Although honeybees dying off is not a trend new to this year, experts are alarmed. The Bee Informed Partnership (BIP), a consortium of research laboratories and universities, released its annual report this week. According to this report, 2014 saw the second-highest rates of loss recorded by beekeepers since annual surveys began in 2010. Approximately 5,000 beekeepers lost 42.1 percent of their colonies during the 12-month reporting cycle. In 2013 and 2014 that loss rate was 34.2 percent, making this a significant increase.
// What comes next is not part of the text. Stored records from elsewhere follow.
Lemma runV_mismatch_right k i j : i = k * n + b + f -> j = i + g -> X i <> X j.
Proof. by move=> *; apply: (run_mismatch_right Xn runV g_gt0 (k := k)); lia. Qed.

Lemma X_period k i j : j = i + k * n -> X i = X j.
Proof. exact: is_period_congr. Qed.

Lemma runs_periods_neq : d <> g.
Proof.
move=> eq_dg; case: (Z_le_gt_dec b e) => le_be.
  apply: (runU_mismatch_right (k := -1) (i := e - n) (j := e - n + d)); try lia.
  by apply: (runV_match (k := -1)); lia.
apply: (runU_mismatch_left (k := 0) (i := -1) (j := -1 + d)); try lia.
by apply: (runV_match (k := -1)); lia.
Qed.

Lemma runs_overlaps_short : e - g + 1 < b /\ b + f + 1 < n + d.
Proof.
have ne_dg := runs_periods_neq.
split; rewrite Z.lt_nge => long_overlap.
  apply: (runs_overlap Xn runU runV Uprim Vprim d_gt0 g_gt0 ne_dg (kU := -1) (kV := -1)
    (w := b - n) (w' := Z.min (e + d - n) (b - n + f + g))); lia.
apply: (runs_overlap Xn runU runV Uprim Vprim d_gt0 g_gt0 ne_dg (kU := 0) (kV := -1)
  (w := 0) (w' := Z.min (e + d) (b - n + f + g))); lia.
Qed.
Beekeepers cite an annual wintertime loss of up to 18.9 percent as remaining in the "acceptable" range. This is because within this death rate it is economically sound to keep and rent bees for pollination. There has in fact been a slight drop in winter death rates, but this is not the good news it seems to be.

Even more notable for the authors was the sharp spike in honeybee deaths during the summer. This death rate exceeded the rate of winter deaths for the first time, and these spiking summer losses more than match any winter gains. Large-scale commercial beekeepers were hit especially hard, which will affect farmers who rely on commercial hives for pollination.
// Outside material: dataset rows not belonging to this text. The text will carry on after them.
(* Let $a\in\{0,\dots,m\}$, $b\in\{0,\dots,n\}$. For each $k=1,\dots,p$ write the dominant of $\boldsymbol A_k\sqcup\boldsymbol B_k$ as $0=c^{(k)}_{a+b}<c^{(k)}_{a+b-1}+1<\dots<c^{(k)}_{a+b-j}+j<\dots<c^{(k)}_1+a+b-1$ (this defines integers $c^{(k)}_1,\dots,c^{(k)}_{a+b}$), let $\tilde z_k=z_k+\lambda^{(k)}_{m+1}h$ and $\mathscr T_i(x)=\prod_{k=1}^p\prod_{j=1}^{c^{(k)}_i}(x-\tilde z_k+jh)$. Then \[\pi_{a,b}\prod_{j=1}^a\mathscr T_j[j]=\prod_{i=1}^a\big(T_{m-a+i}[b+i]\,T_{m+1}[i-1]\big).\]
   Context: Fix $h\in\mathbb{C}^\times$; $f[i](x)=f(x-ih)$. Polynomial $\mathfrak{gl}_{m|n}$ weights: $\lambda\in\mathbb{Z}^{m+n}_{\ge0}$, $\lambda_1\ge\dots\ge\lambda_m$, $\lambda_{m+1}\ge\dots\ge\lambda_{m+n}$, $\lambda_{m+k}=0$ for $k>\lambda_m$. Let $\boldsymbol\lambda=(\lambda^{(1)},\dots,\lambda^{(p)})$ be polynomial weights and $\boldsymbol z=(z_1,\dots,z_p)$ $h$-generic ($z_i-z_j\notin h\mathbb{Z}$, $i\ne j$). $T_i(x)=\prod_{k=1}^p\prod_{j=1}^{\lambda^{(k)}_i}(x-z_k+s_ijh)$ with $s_i=1$ for $i\le m$ and $s_i=-1$ for $i>m$. $\pi_{a,b}(x)=\prod_{k=1}^p\prod_{i=1}^a\prod_{j=1}^{\min\{b,\lambda^{(k)}_{m-i+1}\}}(x-z_k+(i+j-a-b-1)h)$. For each $k$: $\boldsymbol A_k=\{\lambda^{(k)}_{m-r+1}+\lambda^{(k)}_{m+1}+r-1\}_{r=1}^a$ and $\boldsymbol B_k=\{\lambda^{(k)}_{m+1}-\lambda^{(k)}_{m+r}+r-1\}_{r=1}^b$. Partitions with $r$ parts are weakly increasing sequences of nonnegative integers (multisets are sorted into partitions, $\sqcup$ is multiset union); $\boldsymbol b$ dominates $\boldsymbol a$ if $b_i\ge a_i$ for all $i$; the dominant of $\boldsymbol a$ is the smallest (with respect to dominance) partition with $r$ distinct parts dominating $\boldsymbol a$. *)

From HB Require Import structures.
From mathcomp Require Import all_boot all_order all_algebra.
From mathcomp Require Import complex.
From mathcomp Require Import reals.
Set Implicit Arguments. Unset Strict Implicit. Unset Printing Implicit Defensive.
Import Order.TTheory GRing.Theory Num.Theory.
Local Open Scope ring_scope.

(* 1-indexed component lambda_i of a weight given as a seq of length m+n
   (components out of range read as 0). *)
Definition wt (l : seq nat) (i : nat) : nat := nth 0%N l i.-1.

Definition is_poly_weight (m n : nat) (l : seq nat) : Prop :=
  [/\ size l = (m + n)%N,
      (forall i, (1 <= i)%N -> (i < m)%N -> (wt l (i.+1) <= wt l i)%N),
      (forall i, (m + 1 <= i)%N -> (i < m + n)%N -> (wt l (i.+1) <= wt l i)%N)
    & (forall k, (0 < m)%N -> (1 <= k <= n)%N -> (wt l m < k)%N -> wt l (m + k) = 0%N)].

(* f[i](x) = f(x - i h) *)
Definition shiftp (C : fieldType) (h : C) (f : {poly C}) (i : nat) : {poly C} :=
  f \Po ('X - (i%:R * h)%:P).

Definition sgn_s (m i : nat) : int := if (i <= m)%N then 1%Z else (-1)%Z.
"We expect the colonies to die during the winter, because that's a stressful season," University of Maryland assistant professor of entomology Dennis van Engelsdorp says, the survey director for the bee partnership. "What's totally shocking to me is that the losses in summer, which should be paradise for bees, exceeded the winter losses."

"The winter loss numbers are more hopeful especially combined with the fact that we have not seen much sign of Colony Collapse Disorder (CCD) for several years, but such high colony losses in the summer and year-round remain very troubling," Pettis says.

Bees are not in danger of becoming extinct-at least not right now-but this doesn't mean that their situation is not dire. The "services" that honeybees provide in the agriculture industry are worth between $10 billion and $15 billion annually.

Just as pressing as the honeybee death rate is the question that accompanies it: why? Why are honeybees dying more and more?

No one knows the answer with certainty, but there are likely theories. In years before what is now called colony collapse disorder (CCD) became widespread, beekeepers typically lost about 10 percent of their bees over the course of a year. However, about ten years ago the death rates began to swell. Colonies were abandoned by adult bees, left deserted but for brood chambers full of unhatched young and the queen, not to mention ample untouched food supplies. This was deemed CCD as it swept through hives around the world. And although the mass dying off has slowed slightly in recent years, the overall health numbers and death rates of colonies all over the globe remain poor.

Dr. van Engelsdorp cites inadequate nutrition as a possible factor in the rising death toll. Once home to a huge variety of wildflowers, millions of acres of land have now been plowed and planted as a response to rising crop prices. Since 2007, the conservation land retained through an Agriculture Department program has shrunk to half its original size-and it is still shrinking. The scientific community through experts like Dr. vanEngelsdrop cites two other issues which are causing CCD: pesticides and the varroa mite, a deadly parasite.

Neonicotinoids are the class of pesticide almost always used on major US crops. Many experts have turned their attention to these neonicotinoids in recent years. The Environmental Protection Agency (EPA) has recently indicated that it will probably not approve any new uses of these chemicals until their impact on pollinators, including the honeybee, can be fully understood. The European Commission, which governs the EU, cited risks to honeybees when it banned the use of three types of this pesticide on flowering plants.

The bottom line? According to Van Engelsdorp and other experts, the situation is "unheard of," and these deaths are sounding a serious warning about the state of agriculture all over the world.

"What we're seeing with this bee problem is just a loud signal that there's some bad things happening with our agro-ecosystems," co-author Keith Delaplane says. "We just happen to notice it with the honeybee because they are so easy to count."